(* [below_cyl p t] ([above_cyl p t]): [t] leaves the cylinder of [p] downwards (upwards). *)
Definition below_cyl p t : Prop :=
  exists n c, (n < length p)%nat /\ (forall i, (i < n)%nat -> nth_error p i = Some (t i)) /\
    nth_error p n = Some c /\ ltA (t n) c.
Definition above_cyl p t : Prop :=
  exists n c, (n < length p)%nat /\ (forall i, (i < n)%nat -> nth_error p i = Some (t i)) /\
    nth_error p n = Some c /\ ltA c (t n).

Lemma cyl_trichotomy p t : below_cyl p t \/ prefix p t \/ above_cyl p t.
Proof.
  destruct (classic (prefix p t)) as [H|H]; [tauto|].
  assert (Hex : exists i, (i < length p)%nat /\ nth_error p i <> Some (t i)).
  { apply NNPP; intros Hn; apply H; intros i Hi. apply NNPP; intros Hne; apply Hn; eauto. }
  destruct (least_nat _ Hex) as [n [[Hn1 Hn2] Hm]].
  assert (Hpre : forall i, (i < n)%nat -> nth_error p i = Some (t i)).
  { intros i Hi. apply NNPP; intros Hne. apply (Hm i Hi). split; auto; lia. }
  destruct (nth_error p n) as [c|] eqn:Ec; [|apply nth_error_None in Ec; lia].
  destruct (ltA_total (t n) c) as [<-|[E|E]]; [tauto| |].
  - left; exists n, c; auto.
  - right; right; exists n, c; auto.
Qed.

Lemma lexlt_below_cyl p w t : prefix p w -> below_cyl p t -> lexlt ltA t w.
Proof.
  intros Hw [n [c [Hn [Hi [Hc L]]]]]. rewrite (Hw n Hn) in Hc. injection Hc as <-.
  exists n; split; auto. intros i Hi'. specialize (Hi i Hi').
  rewrite (Hw i) in Hi by lia. now injection Hi.
Qed.

Lemma lexlt_above_cyl p w t : prefix p w -> above_cyl p t -> lexlt ltA w t.
Proof.
  intros Hw [n [c [Hn [Hi [Hc L]]]]]. rewrite (Hw n Hn) in Hc. injection Hc as <-.
  exists n; split; auto. intros i Hi'. specialize (Hi i Hi').
  rewrite (Hw i) in Hi by lia. now injection Hi.
Qed.

Lemma below_cyl_not_prefix p t : below_cyl p t -> ~ prefix p t.
Proof. intros H1 H2. exact (lexlt_irrefl (lexlt_below_cyl H2 H1)). Qed.

Lemma cylindrical_below_cyl p : cylindrical (length p) (below_cyl p).
Proof.
  intros t t' Ag [n [c [Hn [Hi [Hc L]]]]]. exists n, c. repeat split; auto.
  - intros i Hi'. rewrite <- Ag by lia. auto.
  - rewrite <- Ag; auto.
Qed.

Lemma cylindrical_above_cyl p : cylindrical (length p) (above_cyl p).
Proof.
  intros t t' Ag [n [c [Hn [Hi [Hc L]]]]]. exists n, c. repeat split; auto.
  - intros i Hi'. rewrite <- Ag by lia. auto.
  - rewrite <- Ag; auto.
Qed.

End Lexicographic.

Lemma finite_total_alphabet_flip (A : Type) (ltA : A -> A -> Prop) :
  finite_total_alphabet ltA -> finite_total_alphabet (fun a b => ltA b a).
Proof.
  intros [H1 [H2 [H3 H4]]]. repeat split; eauto.
  intros a b; destruct (H4 a b); tauto.
Qed.

Lemma lexle_flip (A : Type) (ltA : A -> A -> Prop) (w1 w2 : word A) :
  lexle (fun a b => ltA b a) w1 w2 -> lexle ltA w2 w1.
Proof.
  intros [E|[n [Hn Ln]]]; [now left|right]. exists n; split; auto.
  intros i Hi; symmetry; auto.
Qed.

Lemma closed_has_max (A : Type) (ltA : A -> A -> Prop) (P : word A -> Prop) :
  finite_total_alphabet ltA -> is_closed P -> (exists s, P s) ->
  exists m, P m /\ forall s, P s -> lexle ltA s m.
Proof.
  intros Hfta HC Hne.
  destruct (closed_has_min (finite_total_alphabet_flip Hfta) HC Hne) as [m [Pm Hm]].
  exists m; split; auto. intros s Ps. apply lexle_flip; auto.
Qed.

Section FinitelyAdditive.

Variables (A : Type) (L : word A -> Prop) (mu : (word A -> Prop) -> R).
Hypothesis mu_prob : borel_prob_measure_on L mu.
Implicit Types E F : word A -> Prop.
Lemma iter_dominating_fixed_or_ge k i :
  (g (iter k g i) == iter k g i) || (k <= val (iter k g i))%N.
Proof.
elim: k => [|k IHk]; first by rewrite orbT.
have [fix_k|nfix_k] := eqVneq (g (iter k g i)) (iter k g i).
  by rewrite iterS !fix_k eqxx.
move: IHk; rewrite (negbTE nfix_k) /= => le_k; apply/orP; right.
apply: leq_ltn_trans le_k _.
by rewrite ltn_neqAle dominatingP andbT (inj_eq val_inj) eq_sym.
Qed.

Lemma dom_root_fixed i : g (dom_root i) = dom_root i.
Proof.
have := iter_dominating_fixed_or_ge r i.
by rewrite leqNgt ltn_ord orbF => /eqP.
Qed.

Lemma dom_root_father i : dom_root (g i) = dom_root i.
Proof. by rewrite /dom_root -iterSr iterS dom_root_fixed. Qed.

Lemma dom_root_idem i : dom_root (dom_root i) = dom_root i.
Proof. exact/iter_fix/dom_root_fixed. Qed.

Lemma leq_dom_root i : (val i <= val (dom_root i))%N.
Proof. exact: leq_iter_dominating. Qed.

Lemma connect_grelE i j : connect (Defs.grel g) i j = (dom_root i == dom_root j).
Proof.
have grel_sym : symmetric (Defs.grel g) by move=> a b; rewrite /Defs.grel orbC.
have connect_iter a k : connect (Defs.grel g) a (iter k g a).
  elim: k => [|k IHk]; first exact: connect0.
  by apply: connect_trans IHk (connect1 _); rewrite /Defs.grel eqxx.
apply/idP/eqP => [/connectP[p]|eq_root].
  elim: p i => [|a p IHp] i /=; first by move=> _ ->.
  move=> /andP[grel_ia /IHp IH] /IH <-.
  by case/orP: grel_ia => /eqP <-; rewrite dom_root_father.
apply: connect_trans (connect_iter i r) _.
by rewrite (sym_connect_sym grel_sym) -/(dom_root i) eq_root connect_iter.
Qed.

Definition dom_block i := [set j | dom_root i == dom_root j].

Lemma induced_partitionE : induced_partition g = [set dom_block i | i : 'I_r].
Proof.
by apply/setP=> B; apply/imsetP/imsetP => -[i _ ->]; exists i => //;
  apply/setP=> j; rewrite !inE connect_grelE.
Qed.

Lemma induced_partition_fixed :
  induced_partition g = dom_block @: [set i | g i == i].
Proof.
rewrite induced_partitionE; apply/setP => B.
apply/imsetP/imsetP => -[i fix_i ->]; last by exists i.
exists (dom_root i); first by rewrite inE dom_root_fixed.
by apply/setP => j; rewrite !inE dom_root_idem.
Qed.

Lemma dom_block_inj : {in [set i | g i == i] &, injective dom_block}.
Proof.
move=> i j; rewrite !inE => /eqP fix_i /eqP fix_j eq_ij.
have : j \in dom_block i by rewrite eq_ij inE eqxx.
by rewrite inE /dom_root !iter_fix // => /eqP.
Qed.

Lemma bmax_dom_block i : g i = i -> bmax (dom_block i) = i.+1.
Proof.
move=> fix_i; have root_i : dom_root i = i by apply: iter_fix.
apply/eqP; rewrite eqn_leq; apply/andP; split.
  by apply/bigmax_leqP => j; rewrite inE root_i => /eqP ->; rewrite ltnS leq_dom_root.
by apply: (@leq_bigmax_cond _ _ (fun j : 'I_r => j.+1) i); rewrite inE.
Qed.
(* Baire category theorem: the closed sets [closure (proj_bounded_set m)]
   cover [X], so one of them has nonempty interior. *)
Lemma proj_bounded_set_ball :
  exists m x0 rho, 0 < rho /\ ball x0 rho `<=` closure (proj_bounded_set m).
Proof.
have : ~ (forall m, dense (~` closure (proj_bounded_set m))).
  move=> dense_compl.
  have [x [_ x_notin]] : setT `&` \bigcap_m ~` closure (proj_bounded_set m) !=set0.
    apply: (Baire (fun m => conj (closed_openC (@closed_closure _ _)) (dense_compl m))).
      by exists 0.
    exact: openT.
  have [m xm] := proj_bounded_set_cover x.
  exact: (x_notin m I (subset_closure xm)).
move/existsNP => [m /denseNE [U [[x0 Ux0] U_open]]].
have /nbhs_ballP [rho /= rho_gt0 ball_U] := open_nbhs_nbhs Ux0.
exists m, x0, rho; split => // y /ball_U Uy; apply: contrapT => y_notin.
have : (U `&` ~` closure (proj_bounded_set m)) y by [].
by rewrite U_open.
Qed.

Lemma proj_bounded_diff_approx : exists2 M : R, 0 <= M & exists2 rho : R, 0 < rho &
  forall z, `|z| < rho -> forall g, 0 < g ->
  exists y, (forall n, `|basis_proj n y| <= M) /\ `|z - y| < g.
Proof.
have [m [x0 [rho [rho_gt0 ball_sub]]]] := proj_bounded_set_ball.
exists (m%:R *+ 2) => //; exists rho => // z z_lt g g_gt0.
have near_bounded y : ball x0 rho y ->
    exists2 a, proj_bounded_set m a & `|y - a| < g / 2.
  move=> /ball_sub /(_ _ (nbhsx_ballx y (g / 2) _)) [|a [ma ya]].
    by rewrite divr_gt0.
  by exists a => //; move: ya; rewrite -ball_normE.
have [a ma za] : exists2 a, proj_bounded_set m a & `|x0 + z - a| < g / 2.
  by apply: near_bounded; rewrite -ball_normE /ball_ /= opprD addrA subrr sub0r normrN.
have [a' ma' x0a'] := near_bounded x0 (ballxx _ rho_gt0).
exists (a - a'); split => [n|].
  by rewrite basis_projB (le_trans (ler_normB _ _)) // mulr2n lerD.
have -> : z - (a - a') = (x0 + z - a) - (x0 - a').
  by rewrite [RHS]addrC -[x0 + z - a]addrA [- (x0 - a')]opprB subrKA opprB addrCA.
by rewrite (le_lt_trans (ler_normB _ _)) // [g]splitr ltrD.
Qed.

Lemma basis_proj_approx : exists2 M : R, 0 <= M & forall e, exists y,
  (forall n, `|basis_proj n y| <= M * `|e|) /\ `|e - y| <= `|e| / 2.
Proof.
have [M M_ge0 [rho rho_gt0 approx]] := proj_bounded_diff_approx.
exists (M * 2 / rho); first by rewrite divr_ge0 ?mulr_ge0 // ltW.
move=> e.
have [->|e_neq0] := eqVneq e 0.
  by exists 0; split => [n|]; rewrite ?basis_proj0 ?subrr !normr0 ?mulr0 ?mul0r.
have e_gt0 : 0 < `|e| by rewrite normr_gt0.
set s := rho / (`|e| * 2).
have s_gt0 : 0 < s by rewrite divr_gt0 ?mulr_gt0.
have se_lt : `|s *: e| < rho.
  rewrite normrZ gtr0_norm // (_ : s * _ = rho / 2); last by rewrite /s; field; rewrite gt_eqF.
  by rewrite ltr_pdivrMr // ltr_pMr // ltr1n.
have si_ge0 : 0 <= s^-1 by rewrite invr_ge0 ltW.
have [y [y_bound y_close]] := approx _ se_lt (rho / 4) (divr_gt0 rho_gt0 (ltr0n _ 4)).
exists (s^-1 *: y); split => [n|].
  rewrite basis_projZ normrZ gtr0_norm ?invr_gt0 //.
  apply: le_trans (ler_wpM2l si_ge0 (y_bound n)) _.
  by rewrite /s invf_div [leRHS](_ : _ = `|e| * 2 / rho * M) //; field; rewrite gt_eqF.
rewrite -[e in e - _](scalerK (lt0r_neq0 s_gt0)) -scalerBr normrZ gtr0_norm ?invr_gt0 //.
apply: le_trans (ler_wpM2l si_ge0 (ltW y_close)) _.
rewrite /s invf_div [leRHS](_ : _ = `|e| * 2 / rho * (rho / 4)) //.
by field; rewrite gt_eqF.
Qed.

Lemma schauder_coef_cvg_of_cauchy {e : nat -> X} {B : nat -> R} : B @ \oo --> 0 ->
  (forall k I J, (I <= J)%N -> `|basis_proj k (e I) - basis_proj k (e J)| <= B I) ->
  forall k, cvgn (fun I => coef (e I) k).
Proof.
move=> B0 eB k; have bk_gt0 : 0 < `|b k| by rewrite normr_gt0 basis_vector_neq0.
apply: (@cauchy_bound_cvg _ _ _ (fun I => 2 / `|b k| * B I)).
  by rewrite -(mulr0 (2 / `|b k|)); apply: cvgM => //; exact: cvg_cst.
move=> I J IJ; rewrite mulrAC ler_pdivlMr // -normrZ scalerBl.
have coefZ z : coef z k *: b k = basis_proj k.+1 z - basis_proj k z.
  by rewrite basis_projS addrC addKr.
rewrite !coefZ opprD opprK addrACA mulr_natl mulr2n.
apply: le_trans (ler_normD _ _) _.
by apply: lerD; [|rewrite addrC distrC]; exact: eB.
Qed.
(* Let $F\in Sh^{s,0}_{\Lambda_L}(X)\cap Mod(X)$ be reduced and let $f=(f_1,\dots,f_r)$ and $g=(g_1,\dots,g_r)$ be two local trivializations for $F$. Then $\epsilon_{(F,f)}$ and $\epsilon_{(F,g)}$ are equivalent under the dilation action, i.e. they define the same element of $\mathcal{A}ug$.
   Context: $X=\mathbb{R}^3$ or $S^3$, $k$ a field, $(L,L')$ an $r$-component framed oriented link, $L=K_1\sqcup\dots\sqcup K_r$. Sheaves in $Sh^{s,0}_{\Lambda_L}(X)\cap Mod(X)$ (sheaves of $k$-vector spaces with micro-support at infinity in the unit conormal of $L$, microlocally simple with Morse cone in degree $0$) are equivalent to data $(V,\rho,W_s,\rho_s,T_s)$: $\rho:\pi_1(X\setminus L)\to GL(V)$ the local system on the complement, $W_s$ the stalk on $K_s$, $T_s:W_s\to V$ the injective restriction map with one-dimensional cokernel, the meridian of $K_s$ acting trivially on its image and the longitude action $\rho(\ell_s)$ intertwining with the monodromy of $K_s$; we view $W_s\subset V$. $F$ is reduced if it admits no nonzero locally constant subsheaf, no nonzero locally constant quotient, and no direct summand $F'$ that is the kernel of a surjection from a nonzero locally constant sheaf onto $i'_*k_{L''}$ for a sublink $L''$. $A_c$ denotes trivialized parallel transport along a path $c$, $M_t=\rho(m_t)$. A local trivialization is an $r$-tuple of surjective linear maps $f_s:V\to k$ with $f_s|_{W_s}=0$. $\epsilon_{(F,f)}:\mathrm{Cord}(L)\to k$ is the augmentation of the framed cord algebra given on generators by $\epsilon(c_{st})=f_sA_{c_{st}}(\mathrm{id}_V-M_t)f_t^{-1}$ for framed cords $c_{st}$ from the framing curve of $K_s$ to that of $K_t$, $\epsilon(\lambda_s)=f_sA_{\ell_s}f_s^{-1}$, $\epsilon(\mu_s)=1-f_s(\mathrm{id}_V-M_s)f_s^{-1}$, where $f_s^{-1}$ is any right inverse of $f_s$ (the result is independent of this choice). Dilation: $d\in(k^* )^r$ sends $\epsilon$ to $\epsilon'$ with $\epsilon'(\lambda_s)=\epsilon(\lambda_s)$, $\epsilon'(\mu_s)=\epsilon(\mu_s)$, $\epsilon'(c_{st})=\frac{d_s}{d_t}\epsilon(c_{st})$; $\mathcal{A}ug$ is the set of augmentations modulo this action. *)

From HB Require Import structures.
From mathcomp Require Import all_boot all_order all_algebra.
Set Implicit Arguments. Unset Strict Implicit. Unset Printing Implicit Defensive.
Import GRing.Theory.
Local Open Scope ring_scope.

(* Algebraic data (V, rho, W_s, rho_s, T_s) describing a sheaf F in
   Sh^{s,0}_{Lambda_L}(X) \cap Mod(X), for an r-component framed link.
   - V : the stalk of the local system on X \ L (an arbitrary k-vector space);
   - W s : the stalk on K_s, viewed as a subspace of V (via the injective T_s);
   - M s = rho(m_s) : meridian monodromy;  Lam s = rho(l_s) = A_{l_s} :
     trivialized longitude monodromy;
   - cord s t : the framed cords from the framing curve of K_s to that of K_t,
     and A c : trivialized parallel transport along c. *)

Definition subspace (k : fieldType) (V : lmodType k) (W : {pred V}) : Prop :=
  0 \in W /\ forall (a : k) (u v : V), u \in W -> v \in W -> a *: u + v \in W.

Definition codim_one (k : fieldType) (V : lmodType k) (W : {pred V}) : Prop :=
  exists v : V, v \notin W /\
    forall x : V, exists (a : k) (w : V), w \in W /\ x = a *: v + w.

Definition sheaf_data (k : fieldType) (V : lmodType k) (r : nat)
  (cord : 'I_r -> 'I_r -> Type)
  (W : 'I_r -> {pred V}) (M Lam : 'I_r -> {linear V -> V})
  (A : forall s t : 'I_r, cord s t -> {linear V -> V}) : Prop :=
  [/\ forall s, subspace (W s),
      forall s, codim_one (W s),
      forall s w, w \in W s -> M s w = w,
      (* the longitude action intertwines with the monodromy of K_s,
         in particular it preserves the image of T_s *)
      forall s w, w \in W s -> Lam s w \in W s
    &
      [/\ forall s, bijective (M s), forall s, bijective (Lam s)
         & forall s t (c : cord s t), bijective (A s t c)]].

Definition local_triv (k : fieldType) (V : lmodType k) (r : nat)
  (W : 'I_r -> {pred V}) (f : 'I_r -> {scalar V}) : Prop :=
  forall s, (forall x : k, exists v : V, f s v = x) /\
            (forall w, w \in W s -> f s w = 0).

(* A right inverse of f_s : V -> k is the linear map x |-> x *: v with
   f_s v = 1; it is encoded by the vector v = finv s. *)
Definition right_inv (k : fieldType) (V : lmodType k) (r : nat)
  (f : 'I_r -> {scalar V}) (finv : 'I_r -> V) : Prop :=
  forall s, f s (finv s) = 1.

Definition eps_cord (k : fieldType) (V : lmodType k) (r : nat)
  (cord : 'I_r -> 'I_r -> Type) (M : 'I_r -> {linear V -> V})
  (A : forall s t : 'I_r, cord s t -> {linear V -> V})
  (f : 'I_r -> {scalar V}) (finv : 'I_r -> V) (s t : 'I_r) (c : cord s t) : k :=
  f s (A s t c (finv t - M t (finv t))).

Definition eps_lambda (k : fieldType) (V : lmodType k) (r : nat)
  (Lam : 'I_r -> {linear V -> V})
  (f : 'I_r -> {scalar V}) (finv : 'I_r -> V) (s : 'I_r) : k :=
  f s (Lam s (finv s)).

Definition eps_mu (k : fieldType) (V : lmodType k) (r : nat)
  (M : 'I_r -> {linear V -> V})
  (f : 'I_r -> {scalar V}) (finv : 'I_r -> V) (s : 'I_r) : k :=
  1 - f s (finv s - M s (finv s)).

Definition dilation_equiv (k : fieldType) (r : nat)
  (cord : 'I_r -> 'I_r -> Type)
  (e1c e2c : forall s t : 'I_r, cord s t -> k)
  (e1l e2l e1m e2m : 'I_r -> k) : Prop :=
  exists d : 'I_r -> k,
    [/\ forall s, d s != 0,
        forall s, e2l s = e1l s,
        forall s, e2m s = e1m s
      & forall s t (c : cord s t), e2c s t c = d s / d t * e1c s t c].

From HB Require Import structures.
From mathcomp Require Import all_boot all_order all_algebra.
Set Implicit Arguments. Unset Strict Implicit. Unset Printing Implicit Defensive.
Import GRing.Theory.
Local Open Scope ring_scope.

(* W_s is a hyperplane of V, so every linear form vanishing on W_s is a
   multiple of f_s; in particular g_s = c_s f_s with c_s = g_s(f_s^{-1}(1)),
   and any two right inverses agree modulo W_s up to the factor c_s.  Each
   generator value of the augmentation is a linear form vanishing on W_t
   (because the meridian fixes W_t and the longitude preserves W_s) evaluated
   at the right inverse, so passing from f to g leaves epsilon(lambda_s) and
   epsilon(mu_s) unchanged and multiplies epsilon(c_st) by c_s / c_t. *)

Section Hyperplane.
Variables (k : fieldType) (V : lmodType k) (W : {pred V}).
Hypothesis W_codim1 : codim_one W.
Variables (f : {scalar V}) (u : V).
Hypotheses (f_W : forall w, w \in W -> f w = 0) (fu1 : f u = 1).

Lemma ker_sub_hyperplane x : f x = 0 -> x \in W.
Proof.
have [v0 [_ decV]] := W_codim1.
have fv0_neq0 : f v0 != 0.
  have [b [w [wW u_dec]]] := decV u.
  apply/eqP => fv0; move: fu1; rewrite u_dec linearP /= fv0 (f_W wW) mulr0 addr0.
  by move/eqP; rewrite eq_sym oner_eq0.
have [a [w [wW ->]]] := decV x.
rewrite linearP /= (f_W wW) addr0 => /eqP.
by rewrite mulf_eq0 (negPf fv0_neq0) orbF => /eqP ->; rewrite scale0r add0r.
Qed.

Lemma scalar_factor_hyperplane (phi : {scalar V}) :
  (forall w, w \in W -> phi w = 0) -> forall x, phi x = f x * phi u.
Proof.
move=> phi_W x; have /phi_W : x - f x *: u \in W.
  by apply: ker_sub_hyperplane; rewrite linearB linearZ /= fu1 mulr1 subrr.
by rewrite linearB linearZ /= => /eqP; rewrite subr_eq0 => /eqP.
Qed.

Variables (g : {scalar V}) (v : V).
Hypotheses (g_W : forall w, w \in W -> g w = 0) (gv1 : g v = 1).

Lemma right_inv_mul : f v * g u = 1.
Proof. by rewrite -scalar_factor_hyperplane. Qed.

Lemma scalar_at_right_inv (phi : {scalar V}) :
  (forall w, w \in W -> phi w = 0) -> phi v * g u = phi u.
Proof.
by move=> phi_W; rewrite (scalar_factor_hyperplane phi_W) mulrAC right_inv_mul mul1r.
Qed.

Lemma right_inv_scalar_neq0 : g u != 0.
Proof.
by apply: contra_eq_neq right_inv_mul => ->; rewrite mulr0 eq_sym oner_neq0.
Qed.

End Hyperplane.

Theorem proposition4p6 (k : fieldType) (V : lmodType k) (r : nat)
  (cord : 'I_r -> 'I_r -> Type)
  (W : 'I_r -> {pred V}) (M Lam : 'I_r -> {linear V -> V})
  (A : forall s t : 'I_r, cord s t -> {linear V -> V})
  (HF : sheaf_data W M Lam A)
  (f g : 'I_r -> {scalar V})
  (Hf : local_triv W f) (Hg : local_triv W g)
  (finv ginv : 'I_r -> V)
  (Hfi : right_inv f finv) (Hgi : right_inv g ginv) :
  dilation_equiv
    (eps_cord M A f finv) (eps_cord M A g ginv)
    (eps_lambda Lam f finv) (eps_lambda Lam g ginv)
    (eps_mu M f finv) (eps_mu M g ginv).
Proof.
case: HF => _ W_codim1 M_W Lam_W _.
have f_W s : forall w, w \in W s -> f s w = 0 := (Hf s).2.
have g_W s : forall w, w \in W s -> g s w = 0 := (Hg s).2.
pose c s := g s (finv s).
have g_fc s x : g s x = f s x * c s :=
  scalar_factor_hyperplane (W_codim1 s) (f_W s) (Hfi s) (g_W s) x.
have rescale s (phi : {scalar V}) : (forall w, w \in W s -> phi w = 0) ->
    phi (ginv s) * c s = phi (finv s) :=
  scalar_at_right_inv (phi := phi) (W_codim1 s) (f_W s) (Hfi s) (g_W s) (Hgi s).
have c_neq0 s : c s != 0 :=
  right_inv_scalar_neq0 (W_codim1 s) (f_W s) (Hfi s) (g_W s) (Hgi s).
have ImM_W s w : w \in W s -> (idfun \- M s) w = 0.
  by move=> wW /=; rewrite M_W // subrr.
exists c; split => [// | s | s | s t cc].
- rewrite /eps_lambda g_fc.
  by apply: (rescale s (f s \o Lam s)) => w wW /=; rewrite f_W ?Lam_W.
- rewrite /eps_mu g_fc.
  congr (1 - _); apply: (rescale s (f s \o (idfun \- M s))).
  by move=> w /ImM_W /= ->; rewrite linear0.
- have phi_W w : w \in W t -> (g s \o A s t cc \o (idfun \- M t)) w = 0.
    by move=> /ImM_W /= ->; rewrite !linear0.
  move: (rescale t _ phi_W) => /= /(canRL (mulfK (c_neq0 t))).
  by rewrite /eps_cord => ->; rewrite g_fc [RHS]mulrC mulrA.
Qed.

| What you are asked to do |
Exactly those lines that run from the start of the listing to the line containing "nth_error p n = Some c /\ ltA c (t n)." should be output, and no others.

| Task answer |
(* [below_cyl p t] ([above_cyl p t]): [t] leaves the cylinder of [p] downwards (upwards). *)
Definition below_cyl p t : Prop :=
  exists n c, (n < length p)%nat /\ (forall i, (i < n)%nat -> nth_error p i = Some (t i)) /\
    nth_error p n = Some c /\ ltA (t n) c.
Definition above_cyl p t : Prop :=
  exists n c, (n < length p)%nat /\ (forall i, (i < n)%nat -> nth_error p i = Some (t i)) /\
    nth_error p n = Some c /\ ltA c (t n).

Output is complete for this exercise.